The Firettis had known about speaking cats for many years; John, since he was a boy. They had kept the secret well, but they had longed to share their home with just such a one. Now their family included both Pan and Misto—though the four had had only a short time together before Pan was off on his journey and before Misto began to fail. How deftly the old cat
had kept his secret, to give Pan his freedom; and soon now Misto himself would face a new adventure. The yellow tom knew that when his pain grew too severe John would help him sleep, and sleep more deeply until his spirit rose up and he would fly free.

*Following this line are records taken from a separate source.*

Fixpoint iter_int (a : nat -> R) (len : R) (m : nat)
    (F : (nat -> R) -> \bar R) (w : nat -> R) : \bar R :=
  match m with
  | 0 => F w
  | m'.+1 => (\int[lebesgue_measure]_(t in `[a m', (a m' + len)%R])
               iter_int a len m' F (fun j => if j == m' then t else w j))%E
  end.

(* Expectation of F(w) when w_0, ..., w_{n-1} are independent and w_j is
   uniform on [a j, a j + 1/phi] (density phi on each coordinate). *)
Definition expect_unif (a : nat -> R) (phi : R) (F : (nat -> R) -> \bar R) : \bar R :=
  ((phi ^+ n)%:E * iter_int a phi^-1 n F (fun _ => 0%R))%E.

End Knapsack.

From HB Require Import structures.
From mathcomp Require Import all_boot all_order all_algebra.
From mathcomp Require Import all_classical all_reals all_analysis.
From mathcomp Require Import measurable_realfun.
From mathcomp Require Import ring.

Set Implicit Arguments.
Unset Strict Implicit.
Unset Printing Implicit Defensive.
Import Order.TTheory GRing.Theory Num.Theory.
Local Open Scope ring_scope.
Local Open Scope classical_set_scope.

(* Fix a slab (t, t + e] of weights.  If it contains the weight of a
   Pareto-optimal solution, let x be the most profitable solution of weight at
   most t and y the lightest solution more profitable than x: then
   t < w(y) <= t + e, and y contains an item j that x does not.  So for some j
   the lightest solution containing j that beats every j-free solution of
   weight at most t weighs between t and t + e.  Beating those solutions does
   not depend on w_j, and a solution containing j weighs w_j plus something
   independent of w_j; so once the other weights are fixed this event confines
   w_j to an interval of length e, which has probability at most e phi.  A
   union bound over the n items and the k slabs of width n/k gives
   E[X^k] <= 1 + k n (n/k) phi.  The expectation is an iterated integral, and
   Fubini-Tonelli lets the integral over w_j be taken first. *)

Section SequenceSpace.
Variable R : realType.

Definition seqR := nat -> R.
HB.instance Definition _ := Choice.copy seqR (nat -> R).
HB.instance Definition _ := isPointed.Build seqR (fun _ => 0).

Definition coord_preimages : set (set seqR) :=
  \bigcup_(i in [set: nat])
    preimage_set_system [set: seqR] (fun w : seqR => w i) measurable.

HB.instance Definition _ := @isMeasurable.Build default_measure_display seqR
  <<s coord_preimages>> (@sigma_algebra0 _ setT _) (@sigma_algebraC _ _)
  (@sigma_algebra_bigcup _ _ _).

“We will be together again,” he told John and Mary. “We will come round together again, in one life or another, as we are meant to do. This is the way of the universe,” Misto told them. Mary had wiped a tear, cuddling him, and she couldn’t answer.
Now Misto, alone for the moment in the Firettis’ bedroom, was dozing when Joe Grey and Dulcie padded across the big rag rug, slipped up onto the bed, and settled among the pillows beside him. Only slowly did Misto’s ragged ears lift, his whiskers twitch. Only when he was alert again did Dulcie touch a soft paw to Misto’s paw.
“I told him,” she said. “I told Joe about the kittens.”
Misto grinned at Joe Grey. “About time you knew.”
Speaking kittens were rare; speaking, mated couples seldom brought little ones into the world. Joe, still shaken, looked back at Misto and smiled foolishly.
“Now,” Dulcie said, slipping closer to the ailing cat, “now, what else do you have to tell us? What about our girl kitten, that you didn’t tell me earlier when you fell asleep? Now you can tell us both.”
Beside her, Joe Grey went rigid with dismay. He didn’t want to hear predictions. He was proud and happy about the kittens, but he didn’t want Misto to lead Dulcie down some foolish path of what could be, what might be; he didn’t want the old cat planting foolish dreams.
Misto’s voice was weak but filled with pleasure. “Three kittens,” he told Dulcie again. “Two boy kittens, and a calico girl. It is she I have seen in my dreams. A lovely little creature, a beautiful young cat with a charmed spirit. A kitten who is heir to past lives more amazing than you can imagine.